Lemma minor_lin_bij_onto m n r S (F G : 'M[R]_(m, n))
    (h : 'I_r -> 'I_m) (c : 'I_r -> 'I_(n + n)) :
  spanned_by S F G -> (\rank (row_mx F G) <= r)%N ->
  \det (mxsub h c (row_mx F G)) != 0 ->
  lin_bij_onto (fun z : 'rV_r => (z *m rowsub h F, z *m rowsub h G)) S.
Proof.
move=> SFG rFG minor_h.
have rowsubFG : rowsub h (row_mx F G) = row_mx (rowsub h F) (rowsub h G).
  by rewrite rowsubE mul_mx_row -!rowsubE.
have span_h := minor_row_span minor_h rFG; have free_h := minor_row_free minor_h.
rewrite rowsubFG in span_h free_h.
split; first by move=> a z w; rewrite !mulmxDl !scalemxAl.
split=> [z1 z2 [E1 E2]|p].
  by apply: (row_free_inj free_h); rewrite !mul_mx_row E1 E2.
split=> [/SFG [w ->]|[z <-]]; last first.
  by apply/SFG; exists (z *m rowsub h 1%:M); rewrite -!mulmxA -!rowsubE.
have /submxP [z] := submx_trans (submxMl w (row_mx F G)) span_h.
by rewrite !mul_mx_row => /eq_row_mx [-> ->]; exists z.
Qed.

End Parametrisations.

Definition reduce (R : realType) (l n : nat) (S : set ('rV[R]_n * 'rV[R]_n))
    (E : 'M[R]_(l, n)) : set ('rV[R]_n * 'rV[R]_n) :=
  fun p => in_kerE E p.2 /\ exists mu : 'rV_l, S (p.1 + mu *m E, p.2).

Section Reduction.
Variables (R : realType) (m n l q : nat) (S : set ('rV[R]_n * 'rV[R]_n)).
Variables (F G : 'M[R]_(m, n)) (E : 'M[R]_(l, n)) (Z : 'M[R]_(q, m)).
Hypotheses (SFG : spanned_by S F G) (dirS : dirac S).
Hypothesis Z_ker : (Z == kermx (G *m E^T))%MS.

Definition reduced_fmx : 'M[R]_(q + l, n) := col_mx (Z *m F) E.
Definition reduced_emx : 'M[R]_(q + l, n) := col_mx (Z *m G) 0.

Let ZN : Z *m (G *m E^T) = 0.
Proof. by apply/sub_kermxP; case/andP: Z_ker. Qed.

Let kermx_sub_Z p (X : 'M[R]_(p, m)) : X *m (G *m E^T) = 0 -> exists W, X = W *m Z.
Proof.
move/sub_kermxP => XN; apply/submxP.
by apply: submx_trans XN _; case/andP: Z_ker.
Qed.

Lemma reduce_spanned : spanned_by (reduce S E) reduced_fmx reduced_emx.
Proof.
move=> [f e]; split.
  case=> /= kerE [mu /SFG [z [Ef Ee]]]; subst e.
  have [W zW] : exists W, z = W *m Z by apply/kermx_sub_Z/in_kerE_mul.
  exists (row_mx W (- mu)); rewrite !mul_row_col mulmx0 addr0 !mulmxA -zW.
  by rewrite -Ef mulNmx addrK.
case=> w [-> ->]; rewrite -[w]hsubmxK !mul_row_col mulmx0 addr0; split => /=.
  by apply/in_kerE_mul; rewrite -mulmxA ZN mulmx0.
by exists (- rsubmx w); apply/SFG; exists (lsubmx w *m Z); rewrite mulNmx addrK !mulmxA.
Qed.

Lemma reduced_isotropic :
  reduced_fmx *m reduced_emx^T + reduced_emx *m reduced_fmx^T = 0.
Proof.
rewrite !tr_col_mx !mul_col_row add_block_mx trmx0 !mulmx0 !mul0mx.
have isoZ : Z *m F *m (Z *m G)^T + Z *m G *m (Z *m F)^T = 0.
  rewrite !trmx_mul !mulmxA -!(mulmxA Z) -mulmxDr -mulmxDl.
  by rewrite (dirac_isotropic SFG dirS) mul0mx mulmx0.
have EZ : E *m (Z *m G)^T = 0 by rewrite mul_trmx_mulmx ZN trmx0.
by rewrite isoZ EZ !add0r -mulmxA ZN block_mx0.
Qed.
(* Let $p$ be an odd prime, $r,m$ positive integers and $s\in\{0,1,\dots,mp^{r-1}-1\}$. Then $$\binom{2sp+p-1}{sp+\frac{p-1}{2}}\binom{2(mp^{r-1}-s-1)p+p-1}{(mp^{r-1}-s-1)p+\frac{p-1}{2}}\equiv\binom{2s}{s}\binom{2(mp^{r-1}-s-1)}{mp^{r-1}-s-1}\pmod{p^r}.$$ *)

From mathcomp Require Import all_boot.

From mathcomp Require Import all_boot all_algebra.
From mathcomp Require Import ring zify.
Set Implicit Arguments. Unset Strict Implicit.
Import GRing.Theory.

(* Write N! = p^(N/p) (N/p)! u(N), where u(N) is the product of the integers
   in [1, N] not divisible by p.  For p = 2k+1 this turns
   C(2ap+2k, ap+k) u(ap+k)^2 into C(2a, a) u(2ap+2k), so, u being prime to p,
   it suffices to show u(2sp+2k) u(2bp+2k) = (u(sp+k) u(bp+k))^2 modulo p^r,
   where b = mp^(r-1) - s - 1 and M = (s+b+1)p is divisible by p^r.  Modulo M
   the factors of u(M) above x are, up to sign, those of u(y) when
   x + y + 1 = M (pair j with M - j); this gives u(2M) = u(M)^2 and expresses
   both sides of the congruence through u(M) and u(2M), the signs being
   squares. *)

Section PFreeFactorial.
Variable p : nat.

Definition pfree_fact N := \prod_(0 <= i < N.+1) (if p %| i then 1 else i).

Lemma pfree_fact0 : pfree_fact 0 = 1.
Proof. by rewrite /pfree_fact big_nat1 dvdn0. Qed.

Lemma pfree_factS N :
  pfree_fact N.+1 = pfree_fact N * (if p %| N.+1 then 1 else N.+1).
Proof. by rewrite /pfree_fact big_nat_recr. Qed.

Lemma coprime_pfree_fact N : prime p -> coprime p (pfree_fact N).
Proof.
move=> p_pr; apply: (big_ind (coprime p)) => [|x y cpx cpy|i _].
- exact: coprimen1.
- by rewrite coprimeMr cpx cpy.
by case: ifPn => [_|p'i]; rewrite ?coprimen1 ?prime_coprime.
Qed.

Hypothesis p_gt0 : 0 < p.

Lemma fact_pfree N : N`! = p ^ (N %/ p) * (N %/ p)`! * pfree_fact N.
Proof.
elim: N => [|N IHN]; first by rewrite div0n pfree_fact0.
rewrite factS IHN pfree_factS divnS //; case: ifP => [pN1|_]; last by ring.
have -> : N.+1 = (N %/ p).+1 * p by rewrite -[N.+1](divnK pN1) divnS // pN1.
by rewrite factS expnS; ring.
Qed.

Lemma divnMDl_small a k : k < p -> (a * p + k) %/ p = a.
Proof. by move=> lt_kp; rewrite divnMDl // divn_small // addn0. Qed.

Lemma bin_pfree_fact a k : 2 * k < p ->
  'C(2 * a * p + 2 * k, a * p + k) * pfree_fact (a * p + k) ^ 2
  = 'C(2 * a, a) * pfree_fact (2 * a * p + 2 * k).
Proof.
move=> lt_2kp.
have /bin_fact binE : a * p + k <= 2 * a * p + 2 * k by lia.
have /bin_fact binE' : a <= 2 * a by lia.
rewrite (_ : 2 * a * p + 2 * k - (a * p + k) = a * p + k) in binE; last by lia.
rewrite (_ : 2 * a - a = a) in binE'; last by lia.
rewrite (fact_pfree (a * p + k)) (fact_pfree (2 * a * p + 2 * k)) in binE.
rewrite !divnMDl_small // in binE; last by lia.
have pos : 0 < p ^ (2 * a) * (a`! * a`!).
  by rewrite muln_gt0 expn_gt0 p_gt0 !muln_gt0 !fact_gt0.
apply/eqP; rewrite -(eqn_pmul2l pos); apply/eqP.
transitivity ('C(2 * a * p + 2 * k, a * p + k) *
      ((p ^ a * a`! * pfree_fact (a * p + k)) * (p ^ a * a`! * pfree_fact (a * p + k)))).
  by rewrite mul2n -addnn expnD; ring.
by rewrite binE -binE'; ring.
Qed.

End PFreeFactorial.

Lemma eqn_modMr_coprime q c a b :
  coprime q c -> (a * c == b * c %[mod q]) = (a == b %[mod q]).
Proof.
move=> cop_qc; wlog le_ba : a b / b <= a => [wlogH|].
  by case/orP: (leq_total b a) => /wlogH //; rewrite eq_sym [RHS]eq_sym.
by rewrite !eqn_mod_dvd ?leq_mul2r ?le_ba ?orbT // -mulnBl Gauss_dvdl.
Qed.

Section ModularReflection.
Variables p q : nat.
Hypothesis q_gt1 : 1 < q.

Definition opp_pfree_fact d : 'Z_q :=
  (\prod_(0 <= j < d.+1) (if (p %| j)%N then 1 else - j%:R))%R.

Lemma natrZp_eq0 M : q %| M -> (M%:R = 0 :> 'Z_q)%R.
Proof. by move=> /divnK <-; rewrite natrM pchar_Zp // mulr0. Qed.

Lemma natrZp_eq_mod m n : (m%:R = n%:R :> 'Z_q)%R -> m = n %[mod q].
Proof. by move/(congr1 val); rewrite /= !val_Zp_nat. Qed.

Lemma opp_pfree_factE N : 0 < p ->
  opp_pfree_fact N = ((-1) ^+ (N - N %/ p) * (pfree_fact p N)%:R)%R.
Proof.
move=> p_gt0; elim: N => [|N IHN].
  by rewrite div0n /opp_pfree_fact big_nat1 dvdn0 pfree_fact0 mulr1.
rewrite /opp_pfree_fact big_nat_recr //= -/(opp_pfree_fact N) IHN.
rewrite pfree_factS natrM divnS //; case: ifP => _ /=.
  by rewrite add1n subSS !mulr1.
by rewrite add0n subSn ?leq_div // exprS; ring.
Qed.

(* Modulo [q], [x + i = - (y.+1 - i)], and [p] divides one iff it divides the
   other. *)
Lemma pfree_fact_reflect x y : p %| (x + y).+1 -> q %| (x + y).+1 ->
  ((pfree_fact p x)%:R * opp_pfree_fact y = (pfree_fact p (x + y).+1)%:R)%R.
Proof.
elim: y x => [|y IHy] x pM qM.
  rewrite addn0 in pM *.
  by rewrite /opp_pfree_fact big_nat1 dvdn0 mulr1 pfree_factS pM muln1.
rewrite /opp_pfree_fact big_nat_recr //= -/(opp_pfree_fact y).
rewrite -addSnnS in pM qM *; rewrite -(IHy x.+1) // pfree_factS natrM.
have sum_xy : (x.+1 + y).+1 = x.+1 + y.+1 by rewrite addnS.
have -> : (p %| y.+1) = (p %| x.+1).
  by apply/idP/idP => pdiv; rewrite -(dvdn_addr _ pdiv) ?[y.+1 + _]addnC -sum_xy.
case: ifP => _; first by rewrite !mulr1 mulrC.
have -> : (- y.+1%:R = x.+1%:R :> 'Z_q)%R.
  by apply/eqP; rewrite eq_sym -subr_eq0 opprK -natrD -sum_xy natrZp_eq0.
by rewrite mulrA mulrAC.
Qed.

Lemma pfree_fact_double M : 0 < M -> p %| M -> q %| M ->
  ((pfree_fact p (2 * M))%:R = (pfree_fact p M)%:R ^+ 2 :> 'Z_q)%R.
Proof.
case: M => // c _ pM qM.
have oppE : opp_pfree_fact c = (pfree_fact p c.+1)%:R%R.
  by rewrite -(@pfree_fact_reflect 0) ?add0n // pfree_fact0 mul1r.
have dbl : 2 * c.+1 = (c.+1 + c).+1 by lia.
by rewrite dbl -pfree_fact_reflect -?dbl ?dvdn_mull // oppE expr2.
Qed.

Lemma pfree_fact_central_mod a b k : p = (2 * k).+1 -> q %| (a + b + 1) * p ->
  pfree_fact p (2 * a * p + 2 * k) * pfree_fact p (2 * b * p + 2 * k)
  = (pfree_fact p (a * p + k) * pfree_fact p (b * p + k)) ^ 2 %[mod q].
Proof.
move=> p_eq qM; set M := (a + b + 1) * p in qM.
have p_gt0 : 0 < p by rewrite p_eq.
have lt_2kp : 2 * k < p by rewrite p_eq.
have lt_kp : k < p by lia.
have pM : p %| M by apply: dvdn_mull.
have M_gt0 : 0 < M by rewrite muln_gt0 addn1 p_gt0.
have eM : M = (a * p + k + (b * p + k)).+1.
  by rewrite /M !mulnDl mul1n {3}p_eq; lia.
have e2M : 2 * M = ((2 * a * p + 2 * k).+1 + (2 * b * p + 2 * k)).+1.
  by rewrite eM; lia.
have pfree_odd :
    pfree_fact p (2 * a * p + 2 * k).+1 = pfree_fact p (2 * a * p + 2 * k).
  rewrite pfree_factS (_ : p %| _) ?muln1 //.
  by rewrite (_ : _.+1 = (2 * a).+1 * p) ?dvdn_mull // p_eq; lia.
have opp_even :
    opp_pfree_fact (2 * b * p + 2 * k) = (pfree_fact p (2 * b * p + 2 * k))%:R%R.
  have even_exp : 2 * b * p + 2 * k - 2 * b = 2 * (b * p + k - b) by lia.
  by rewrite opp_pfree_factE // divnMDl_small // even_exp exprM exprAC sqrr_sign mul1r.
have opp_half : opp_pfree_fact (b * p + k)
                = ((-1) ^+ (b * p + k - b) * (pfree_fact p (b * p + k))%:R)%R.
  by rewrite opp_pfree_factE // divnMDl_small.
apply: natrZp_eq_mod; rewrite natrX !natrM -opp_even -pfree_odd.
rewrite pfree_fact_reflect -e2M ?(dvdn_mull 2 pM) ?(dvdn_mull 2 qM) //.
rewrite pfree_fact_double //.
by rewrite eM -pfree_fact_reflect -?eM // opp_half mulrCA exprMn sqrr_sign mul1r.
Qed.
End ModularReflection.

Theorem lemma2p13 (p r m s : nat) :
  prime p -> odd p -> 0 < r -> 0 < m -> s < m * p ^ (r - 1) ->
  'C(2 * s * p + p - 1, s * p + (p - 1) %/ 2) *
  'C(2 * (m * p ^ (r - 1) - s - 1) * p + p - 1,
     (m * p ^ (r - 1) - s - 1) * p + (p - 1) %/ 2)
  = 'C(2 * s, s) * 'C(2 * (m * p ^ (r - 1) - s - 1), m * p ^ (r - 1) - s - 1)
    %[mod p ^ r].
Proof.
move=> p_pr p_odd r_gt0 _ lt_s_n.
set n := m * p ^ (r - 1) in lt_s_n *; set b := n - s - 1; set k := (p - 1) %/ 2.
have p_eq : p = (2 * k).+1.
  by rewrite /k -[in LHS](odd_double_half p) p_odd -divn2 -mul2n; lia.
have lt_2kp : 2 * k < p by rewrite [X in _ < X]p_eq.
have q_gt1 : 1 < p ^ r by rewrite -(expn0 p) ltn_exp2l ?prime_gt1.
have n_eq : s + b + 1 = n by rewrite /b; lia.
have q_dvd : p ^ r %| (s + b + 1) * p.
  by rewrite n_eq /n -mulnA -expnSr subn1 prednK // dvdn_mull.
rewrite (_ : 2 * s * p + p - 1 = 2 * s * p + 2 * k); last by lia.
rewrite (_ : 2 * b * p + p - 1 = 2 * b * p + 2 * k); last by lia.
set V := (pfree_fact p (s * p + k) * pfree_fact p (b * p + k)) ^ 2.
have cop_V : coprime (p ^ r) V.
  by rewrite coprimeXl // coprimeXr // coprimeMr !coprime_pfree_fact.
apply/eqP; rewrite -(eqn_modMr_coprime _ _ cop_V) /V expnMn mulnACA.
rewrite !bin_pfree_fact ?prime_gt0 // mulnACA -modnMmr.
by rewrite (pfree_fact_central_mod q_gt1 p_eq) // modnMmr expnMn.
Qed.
_____
» BRIEF
Above are some records. Count the lines among them with the word "integers", and answer with the number only.

» WRITTEN REPLY
2